Support Questions

Find answers, ask questions, and share your expertise
Announcements
Celebrating as our community reaches 100,000 members! Thank you!

yarn local dirs + safety moving the local dir to Data mount points

avatar

hi all

We have ambari cluster with 134 DATANODE machines,

in YARN --> CONFIG

yarn.nodemanager.local-dirs 

configured as the following:

/var/hadoop/yarn/local,/grid/sdb/hadoop/yarn/local,/grid/sdc/hadoop/yarn/local,/grid/sdd/hadoop/yarn/local,/grid/sde/hadoop/yarn/local,/grid/sdf/hadoop/yarn/local

we want to remove the - /var/hadoop/yarn/local

from the configuration , and that required also YARN restart and maybe other services restart

we intend to do this action to avoid writing to the local disk ( /var )

since we have 143 data-node machines in our ambari cluster

we worry about this action of removing the line /var/hadoop/yarn/local from yarn.nodemanager.local-dirs ,

or maybe we can do it safety ?

we will happy to get hortonworks opinion

we know that generally not a good idea to use /hadoop/yarn/local for yarn.nodemanager.log-dirs which are container logs. Typically, we prefer to direct only these logs to all the Data mount points (like /grid/sdb/hadoop/yarn/local ).

Michael-Bronson
1 ACCEPTED SOLUTION

avatar
Master Collaborator

@Michael Bronson After configuration changes, it's safe to restart required services, those restart will make necessary new changes into the system. In our case, yarn.nodemanager.local-dirs will point out to new location /grid/sdb/hadoop/yarn/local instead of old location /var/hadoop/yarn/local . In short, restart will not cause any issue either after delete old files or after change in YARN configuration. I hope this answered your concerns.

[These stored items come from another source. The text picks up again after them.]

(* For any $k\in\mathbb{Z}_{>0}$ and $i\in\{1,2,3\}$, suppose $\mathrm{S}_{k,i}(x,z)=\tfrac12[x;z]^TQ_{k,i}[x;z]$ and $\mathrm{B}_{k,i}(y,z)=-\tfrac12[y;z]^T\Theta_{k,i}[y;z]$. Then $\Theta_{k,i}=\Gamma^i(Q_{k,i})$ and $Q_{k,i}=\Gamma^i(\Theta_{k,i})$.
   Context: Consider $x_{k+1}=Ax_k+Bw_k$ with $x_k\in\mathbb{R}^n$, $w_k\in\mathbb{R}^m$, running payoff $\tfrac12x^T\Phi x-\tfrac{\gamma^2}{2}|w|^2$, and one-step operator $(\mathcal{S}_1\phi)(x)=\sup_{w}\{\tfrac12x^T\Phi x-\tfrac{\gamma^2}{2}|w|^2+\phi(Ax+Bw)\}$, $\mathcal{S}_{k+1}=\mathcal{S}_1\mathcal{S}_k$. Basis functions: $\psi^1(x,z)=z^Tx$, $\psi^2(x,z)=-\tfrac12(x-z)^TM(x-z)$ ($M=M^T>0$), $\psi^3(x,z)=\delta(x-z)$ ($\delta(0)=0$, $\delta(\xi)=-\infty$ otherwise). Define $\mathrm{S}_{k,i}(x,z)=(\mathcal{S}_k\psi^i(\cdot,z))(x)$ and its max-plus dual $\mathrm{B}_{k,i}(y,z)=-\sup_{x\in\mathbb{R}^n}\{\psi^i(x,y)-\mathrm{S}_{k,i}(x,z)\}$, so that $\mathrm{S}_{k,i}(x,z)=\sup_y\{\psi^i(x,y)+\mathrm{B}_{k,i}(y,z)\}$. For a symmetric block matrix $Q=\begin{bmatrix}Q^{11}&Q^{12}\\Q^{21}&Q^{22}\end{bmatrix}\in\mathbb{R}^{2n\times2n}$ define $\Gamma^1(Q)=\begin{bmatrix}(Q^{11})^{-1}&-(Q^{11})^{-1}Q^{12}\\-Q^{21}(Q^{11})^{-1}&Q^{21}(Q^{11})^{-1}Q^{12}-Q^{22}\end{bmatrix}$ (requires $Q^{11}>0$), $\Gamma^2(Q)=\begin{bmatrix}M(Q^{11}+M)^{-1}M-M&-M(Q^{11}+M)^{-1}Q^{12}\\-Q^{21}(Q^{11}+M)^{-1}M&Q^{21}(Q^{11}+M)^{-1}Q^{12}-Q^{22}\end{bmatrix}$ (requires $Q^{11}+M>0$), $\Gamma^3(Q)=-Q$. One has $\Gamma^i\circ\Gamma^i$ equal to the identity. *)

From HB Require Import structures.
From mathcomp Require Import all_boot all_order all_algebra.
From mathcomp Require Import boolp classical_sets reals constructive_ereal ereal.
Set Implicit Arguments. Unset Strict Implicit. Unset Printing Implicit Defensive.
Import Order.TTheory GRing.Theory Num.Theory.
Local Open Scope ring_scope.
Local Open Scope classical_set_scope.

Section MaxPlus.
Variable R : realType.

Definition sc (a : 'M[R]_1) : R := a ord0 ord0.

Definition qf (p : nat) (P : 'M[R]_p) (v : 'cV[R]_p) : R := sc (v^T *m P *m v).

Definition posdef (p : nat) (P : 'M[R]_p) : Prop :=
  P^T = P /\ forall v : 'cV[R]_p, v != 0 -> 0 < qf P v.

Definition S1 (n m : nat) (A : 'M[R]_n) (B : 'M[R]_(n, m)) (Phi : 'M[R]_n)
  (gamma : R) (phi : 'cV[R]_n -> \bar R) (x : 'cV[R]_n) : \bar R :=
  ereal_sup [set adde (2^-1 * qf Phi x - gamma ^+ 2 / 2 * sc (w^T *m w))%:E
                   (phi (A *m x + B *m w)) | w in [set: 'cV[R]_m]].

Definition Sk (n m : nat) (A : 'M[R]_n) (B : 'M[R]_(n, m)) (Phi : 'M[R]_n)
  (gamma : R) (k : nat) (phi : 'cV[R]_n -> \bar R) : 'cV[R]_n -> \bar R :=
  iter k (S1 A B Phi gamma) phi.

Definition psi (n : nat) (M : 'M[R]_n) (i : nat) (x z : 'cV[R]_n) : \bar R :=
  match i with
  | 1%N => (sc (z^T *m x))%:E
  | 2%N => (- (2^-1 * qf M (x - z)))%:E
  | _ => if x - z == 0 then 0%E else (-oo)%E
  end.

Definition Ski (n m : nat) (A : 'M[R]_n) (B : 'M[R]_(n, m)) (Phi : 'M[R]_n)
  (gamma : R) (M : 'M[R]_n) (k i : nat) (x z : 'cV[R]_n) : \bar R :=
  Sk A B Phi gamma k (fun x' => psi M i x' z) x.

Definition Bki (n m : nat) (A : 'M[R]_n) (B : 'M[R]_(n, m)) (Phi : 'M[R]_n)
  (gamma : R) (M : 'M[R]_n) (k i : nat) (y z : 'cV[R]_n) : \bar R :=
  oppe (ereal_sup [set adde (psi M i x y) (oppe (Ski A B Phi gamma M k i x z))
                | x in [set: 'cV[R]_n]]).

View solution in original post

3 REPLIES 3

avatar
Master Collaborator

@Michael Bronson

Yes true, similarly it's not a good idea to use /var for yarn.nodemanager.local-dirs which are container local. Typically, you can direct these to all the data mount points (like /grid/sdb/hadoop/yarn/local). Same thing for yarn logs (/grid/sdb/hadoop/yarn/log) yarn.nodemanager.log-dirs. This can help with reducing all your IO going to your OS disk (where you typically have /var). You can take a look at http://hortonworks.com/blog/resource-localization-in-yarn-deep-dive/

I hope that the above answers your questions. Please accept the answer you found most useful.

avatar

thank you , but one of my question was about to change the YARN configuration by delete the - /var/hadoop/yarn/local , from YARN , so after that as you know YARN required restart and we need to do it but will little worry if restart will failed because this changes , or maybe it is safe to do this change , what is your opinion ?

Michael-Bronson

avatar
Master Collaborator

@Michael Bronson After configuration changes, it's safe to restart required services, those restart will make necessary new changes into the system. In our case, yarn.nodemanager.local-dirs will point out to new location /grid/sdb/hadoop/yarn/local instead of old location /var/hadoop/yarn/local . In short, restart will not cause any issue either after delete old files or after change in YARN configuration. I hope this answered your concerns.